How can towns and regions be adapted to demographic, socio-economic, ecological and societal changes?
How can a deep transformation to sustainability in the existing built environment succeed?
What opportunities does the revitalisation of small and medium-sized towns offer for avoiding new construction and the associated use of resources in urban centres, as well as for preserving quality of life and cultural heritage locally?
How do transformation processes succeed in towns with limited transformative capacities and in regions affected by structural change?
The IZS in Görlitz deals with these questions. The centre pursues a transdisciplinary approach in which the identification of research needs, the production of knowledge, the pilot application of new solutions as well as reflection and further development take place in cooperation with stakeholders in urban and regional development. The interdisciplinary and transdisciplinary research is complemented by transfer activities in the region as well as on a national and international level. The twin city of Görlitz/Zgorzelec serves as a permanent real-world laboratory. One focus of the centre's international networking is the Central and Eastern European region.
The IZS is a joint facility of the Leibniz Institute of Ecological Urban and Regional Development Dresden (IOER) and the International Institute (IHI) Zittau of TUD Dresden University of Technology.
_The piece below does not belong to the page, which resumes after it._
(* Let $d$ be a weak simulation quasimetric on networks of pTCWS. Then the relation $\mathcal R=\{(M,N) : d(M,N)=0\}$ is a weak probabilistic simulation, i.e. whenever $M\,\mathcal R\,N$ and $M\xrightarrow{\alpha}\Delta$, there exist a weak transition $N\overset{\hat\alpha}{\Longrightarrow}\Theta$ and a matching $\omega\in\Omega(\Delta,\Theta)$ such that $\omega(M',N')>0$ implies $M'\,\mathcal R\,N'$.
   Context: The process calculus pTCWS. Processes $P,Q$ and probabilistic choices $C,D$ are $P ::= \mathsf{nil} \mid {!}\langle u\rangle.C \mid \lfloor ?(x).C\rfloor D \mid \tau.C \mid \sigma.C \mid X \mid \mathsf{fix}\,X.P$ and $C ::= \bigoplus_{i\in I} p_i{:}P_i$ ($I$ finite non-empty, $p_i\in(0,1]$, $\sum_i p_i=1$); in $\mathsf{fix}\,X.P$ every occurrence of $X$ is time-guarded (under a $\sigma$-prefix or in a timeout branch $D$). $1{:}P$ is written $P$; $P\oplus_pQ$ is $p{:}P\oplus(1-p){:}Q$; ${!}\langle v\rangle$ is ${!}\langle v\rangle.\mathsf{nil}$. Networks: $M::=\mathbf 0\mid M_1\mid M_2\mid n[P]^\nu\mid\bot$, where $n[P]^\nu$ is a node named $n$ running closed process $P$ with neighbour set $\nu$, and $\bot$ is a stuck network; $\mathrm{nds}(M)$ is the set of node names. Structural congruence $\equiv$: least equivalence preserved by $\mid$, making $\mid$ a commutative monoid with unit $\mathbf 0$, with $n[\mathsf{fix}\,X.P]^\nu\equiv n[P\{\mathsf{fix}\,X.P/X\}]^\nu$. Networks are assumed well-formed (no node is its own neighbour, distinct names, symmetric neighbourhood, connected neighbour graph). $\mathrm{rcv}(P)$ holds iff $n[P]^\nu\equiv n[\lfloor ?(x).C\rfloor D]^\nu$ for some $x,C,D$. Semantics: $\mathcal D(\mathcal N)$ is the set of finite-support probability distributions on networks, $|\Delta|$ the total mass of a sub-distribution, $\overline M$ the Dirac distribution; $[\![n[\bigoplus_i p_i{:}P_i]^\nu]\!]=\sum_ip_i\overline{n[P_i]^\nu}$; $(\Delta\mid\Theta)(M_1\mid M_2)=\Delta(M_1)\Theta(M_2)$. Transitions $M\xrightarrow{\lambda}\Delta$, $\lambda\in\{m!v\triangleright\nu, m?v,\tau,\sigma\}$, form the least relation closed under: (Snd) $m[{!}\langle v\rangle.C]^\nu\xrightarrow{m!v\triangleright\nu}[\![m[C]^\nu]\!]$; (Rcv) if $m\in\nu$: $n[\lfloor ?(x).C\rfloor D]^\nu\xrightarrow{m?v}[\![n[C\{v/x\}]^\nu]\!]$; $\mathbf 0\xrightarrow{m?v}\overline{\mathbf 0}$; (RcvEnb) if $\neg(m\in\nu\wedge\mathrm{rcv}(P))$ and $m\ne n$: $n[P]^\nu\xrightarrow{m?v}\overline{n[P]^\nu}$; (RcvPar) $M\xrightarrow{m?v}\Delta$, $N\xrightarrow{m?v}\Theta$ give $M\mid N\xrightarrow{m?v}\Delta\mid\Theta$; (Bcast) $M\xrightarrow{m!v\triangleright\nu}\Delta$, $N\xrightarrow{m?v}\Theta$ give $M\mid N\xrightarrow{m!v\triangleright(\nu\setminus\mathrm{nds}(N))}\Delta\mid\Theta$ (and symmetrically); (Tau) $m[\tau.C]^\nu\xrightarrow{\tau}[\![m[C]^\nu]\!]$; (TauPar) $M\xrightarrow{\tau}\Delta$ and $N$ not of the form $\bot\mid N'$ give $M\mid N\xrightarrow{\tau}\Delta\mid\overline N$ (and symmetrically); $\mathbf 0\xrightarrow{\sigma}\overline{\mathbf 0}$; $n[\mathsf{nil}]^\nu\xrightarrow{\sigma}\overline{n[\mathsf{nil}]^\nu}$; (Timeout) $n[\lfloor ?(x).C\rfloor D]^\nu\xrightarrow{\sigma}[\![n[D]^\nu]\!]$; (Sleep) $n[\sigma.C]^\nu\xrightarrow{\sigma}[\![n[C]^\nu]\!]$; ($\sigma$-Par) $M\xrightarrow{\sigma}\Delta$, $N\xrightarrow{\sigma}\Theta$ give $M\mid N\xrightarrow{\sigma}\Delta\mid\Theta$; (Rec) $n[P\{\mathsf{fix}\,X.P/X\}]^\nu\xrightarrow{\lambda}\Delta$ gives $n[\mathsf{fix}\,X.P]^\nu\xrightarrow{\lambda}\Delta$; (ShhSnd) $M\xrightarrow{m!v\triangleright\emptyset}\Delta$ gives $M\xrightarrow{\tau}\Delta$; (ObsSnd) $M\xrightarrow{m!v\triangleright\nu}\Delta$ with $\nu\ne\emptyset$ gives $M\xrightarrow{!v\triangleright\nu}\Delta$. $\bot$ has no transitions. $\alpha$ ranges over $!v\triangleright\nu$, $m?v$, $\sigma$, $\tau$. Weak transitions: $M\xrightarrow{\hat\tau}\Delta$ iff $M\xrightarrow{\tau}\Delta$ or $\Delta=\overline M$; for $\alpha\ne\tau$, $\xrightarrow{\hat\alpha}=\xrightarrow{\alpha}$. For $\Delta=\sum_{i\in I}p_i\overline{M_i}$, $\Delta\xrightarrow{\hat\alpha}\Theta$ iff for some non-empty $J\subseteq I$, $M_j\xrightarrow{\hat\alpha}\Theta_j$ ($j\in J$), $M_i$ has no $\hat\alpha$-transition ($i\notin J$), and $\Theta=\sum_{j\in J}p_j\Theta_j$. $\overset{\hat\tau}{\Longrightarrow}$ is the reflexive-transitive closure of $\xrightarrow{\hat\tau}$, and $\overset{\hat\alpha}{\Longrightarrow}=\overset{\hat\tau}{\Longrightarrow}\xrightarrow{\hat\alpha}\overset{\hat\tau}{\Longrightarrow}$ for $\alpha\neq\tau$. A pseudoquasimetric is $d:\mathcal N\times\mathcal N\to[0,1]$ with $d(M,M)=0$ and $d(M,N)\le d(M,O)+d(O,N)$. A matching $\omega\in\Omega(\Delta,\Theta)$ is a distribution on $\mathcal N\times\mathcal N$ with left marginal $\Delta$ and right marginal $\Theta$; $\mathcal K(d)(\Delta,\Theta)=\min_{\omega\in\Omega(\Delta,\Theta)}\sum_{M,N}\omega(M,N)d(M,N)$. A weak simulation quasimetric is a pseudoquasimetric $d$ such that for all $M,N$ with $d(M,N)<1$, whenever $M\xrightarrow{\alpha}\Delta$ there is $\Theta$ with $N\overset{\hat\alpha}{\Longrightarrow}\Theta$ and $\mathcal K(d)(\Delta,\Theta+(1-|\Theta|)\overline\bot)\le d(M,N)$. *)

From Stdlib Require Import Reals List Relations ClassicalEpsilon.
Import ListNotations.
Open Scope R_scope.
Further partners are the city of Görlitz with the municipal housing company KommWohnen and the German Foundation for Monument Protection.
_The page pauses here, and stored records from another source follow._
(* Let $k\in\mathbb{N}$ and let $v=(v_0,\ldots,v_{2k})\in\mathbb{R}^{2k+1}$ be a singular sequence. Then the following statements are equivalent: (1) $v$ is positively recursively generated and $\varphi_0\neq 0$; (2) $v$ is negatively recursively generated and $\psi_{r'-1}\neq 0$, where $r'=\operatorname{rank} v^{(\mathrm{rev})}$; (3) $v$ is recursively generated; (4) $v$ is recursively generated, $\operatorname{rank} v=\operatorname{rank} v^{(\mathrm{rev})}=:r$, $\varphi_0\neq 0$ and $$(\psi_0,\psi_1,\ldots,\psi_{r-2},\psi_{r-1})=\left(-\frac{\varphi_1}{\varphi_0},-\frac{\varphi_2}{\varphi_0},\ldots,-\frac{\varphi_{r-1}}{\varphi_0},\frac{1}{\varphi_0}\right).$$
   Context: For $v=(v_0,\ldots,v_{2k})\in\mathbb{R}^{2k+1}$, $A_v=(v_{i+j})_{i,j=0}^k$ is the associated Hankel matrix, with columns $\mathbf{v_0},\ldots,\mathbf{v_k}$ ($\mathbf{v_j}=(v_{j+\ell})_{\ell=0}^k$). For $0\le m\le k$, $A_v(m)=(v_{i+j})_{i,j=0}^m$ is the upper left $(m+1)\times(m+1)$ corner and $A_v[m]=(v_{i+j})_{i,j=k-m}^k$ the lower right $(m+1)\times(m+1)$ corner. The rank of $v$ is $\operatorname{rank} v=k+1$ if $A_v$ is nonsingular, and otherwise $\operatorname{rank} v=\min\{i:\mathbf{v_i}\in\operatorname{span}\{\mathbf{v_0},\ldots,\mathbf{v_{i-1}}\}\}$; $v$ is singular if $\operatorname{rank} v<k+1$. The reversed sequence is $v^{(\mathrm{rev})}=(v_{2k},\ldots,v_0)$. $v$ is positively recursively generated (prg) if, with $r=\operatorname{rank} v$: $A_v(r-1)\succ 0$, and if $r<k+1$, then setting $(\varphi_0,\ldots,\varphi_{r-1})^T:=A_v(r-1)^{-1}(v_r,\ldots,v_{2r-1})^T$, one has $v_j=\varphi_0v_{j-r}+\cdots+\varphi_{r-1}v_{j-1}$ for $j=r,\ldots,2k$. $v$ is negatively recursively generated (nrg) if, with $r=\operatorname{rank} v^{(\mathrm{rev})}$: $A_v[r-1]\succ 0$, and if $r<k+1$, then setting $(\psi_0,\ldots,\psi_{r-1})^T:=A_v[r-1]^{-1}(v_{2k-2r+1},\ldots,v_{2k-r})^T$, one has $v_{2k-r-j}=\psi_0v_{2k-r+1-j}+\cdots+\psi_{r-1}v_{2k-j}$ for $j=0,\ldots,2k-r$. $v$ is recursively generated (rg) if it is both prg and nrg. *)

(* Sequences v = (v_0,...,v_{2k}) are (2k+1)-tuples over a real
   field; v`_i = nth 0 v i. *)
From mathcomp Require Import all_boot all_order all_algebra.
Set Implicit Arguments. Unset Strict Implicit. Unset Printing Implicit Defensive.
Import Order.TTheory GRing.Theory Num.Theory.
Local Open Scope ring_scope.

Section Hankel.
Variable R : realFieldType.
Implicit Types (v : seq R) (k m : nat).

Definition hankel k v : 'M[R]_k.+1 := \matrix_(i, j) v`_(i + j).

Definition hcorner_ul v m : 'M[R]_m.+1 := \matrix_(i, j) v`_(i + j).

Definition hcorner_lr k v m : 'M[R]_m.+1 :=
  \matrix_(i, j) v`_((k - m + i) + (k - m + j)).

(* the column v_j = (v_{j+l})_{l=0}^k of A_v, written as a row vector *)
Definition hcol k v j : 'rV[R]_k.+1 := \row_l v`_(j + l).

(* matrix whose rows are the columns v_0, ..., v_{i-1}; its row space is
   span{v_0,...,v_{i-1}} *)
Definition hcols_before k v i : 'M[R]_(i, k.+1) := \matrix_(m < i) hcol k v m.

Definition hrank k v : nat :=
  if hankel k v \in unitmx then k.+1
  else find (fun i => (hcol k v i <= hcols_before k v i)%MS) (iota 0 k.+1).

Definition posdef n (M : 'M[R]_n) : Prop :=
  M^T = M /\ forall x : 'cV[R]_n, x != 0 -> 0 < (x^T *m M *m x) ord0 ord0.

Definition phi k v (i : nat) : R :=
  let r := hrank k v in
  let b : 'cV[R]_(r.-1.+1) := \col_l v`_(r + l) in
  if (i < r)%N then (invmx (hcorner_ul v r.-1) *m b) (inord i) ord0 else 0.

Definition psi k v (i : nat) : R :=
  let r := hrank k (rev v) in
  let b : 'cV[R]_(r.-1.+1) := \col_l v`_((2 * k).+1 + l - 2 * r) in
  if (i < r)%N then (invmx (hcorner_lr k v r.-1) *m b) (inord i) ord0 else 0.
The location of Görlitz offers us an exciting research environment with distinctive challenges and potentials of urban transformation, e.g. due to the extensive historical building fabric in the city, the shrunken urban population, the structural change since 1990 as well as current efforts to achieve climate-neutral urban development by 2030. The IZS emerged in 2014 from the Görlitz Competence Centre for Revitalising Urban Development. To ensure practice orientation and relevance for policy advice as well as its transdisciplinary ambition and the real world laboratory approach, the IZS has an advisory board on its side.
The IOER and IHI Zittau are founding member of the Hi!Lusatia network. The network brings together universities, research institutions and research-orientated companies from business and society. Their aim is to promote the attractiveness and diversity of working, living, teaching and research in the three-country region of Germany/Poland/Czech Republic through joint initiatives. The aim is to play an active role in the future-oriented, sustainable transition of the region. The focus is on promoting science, research and education.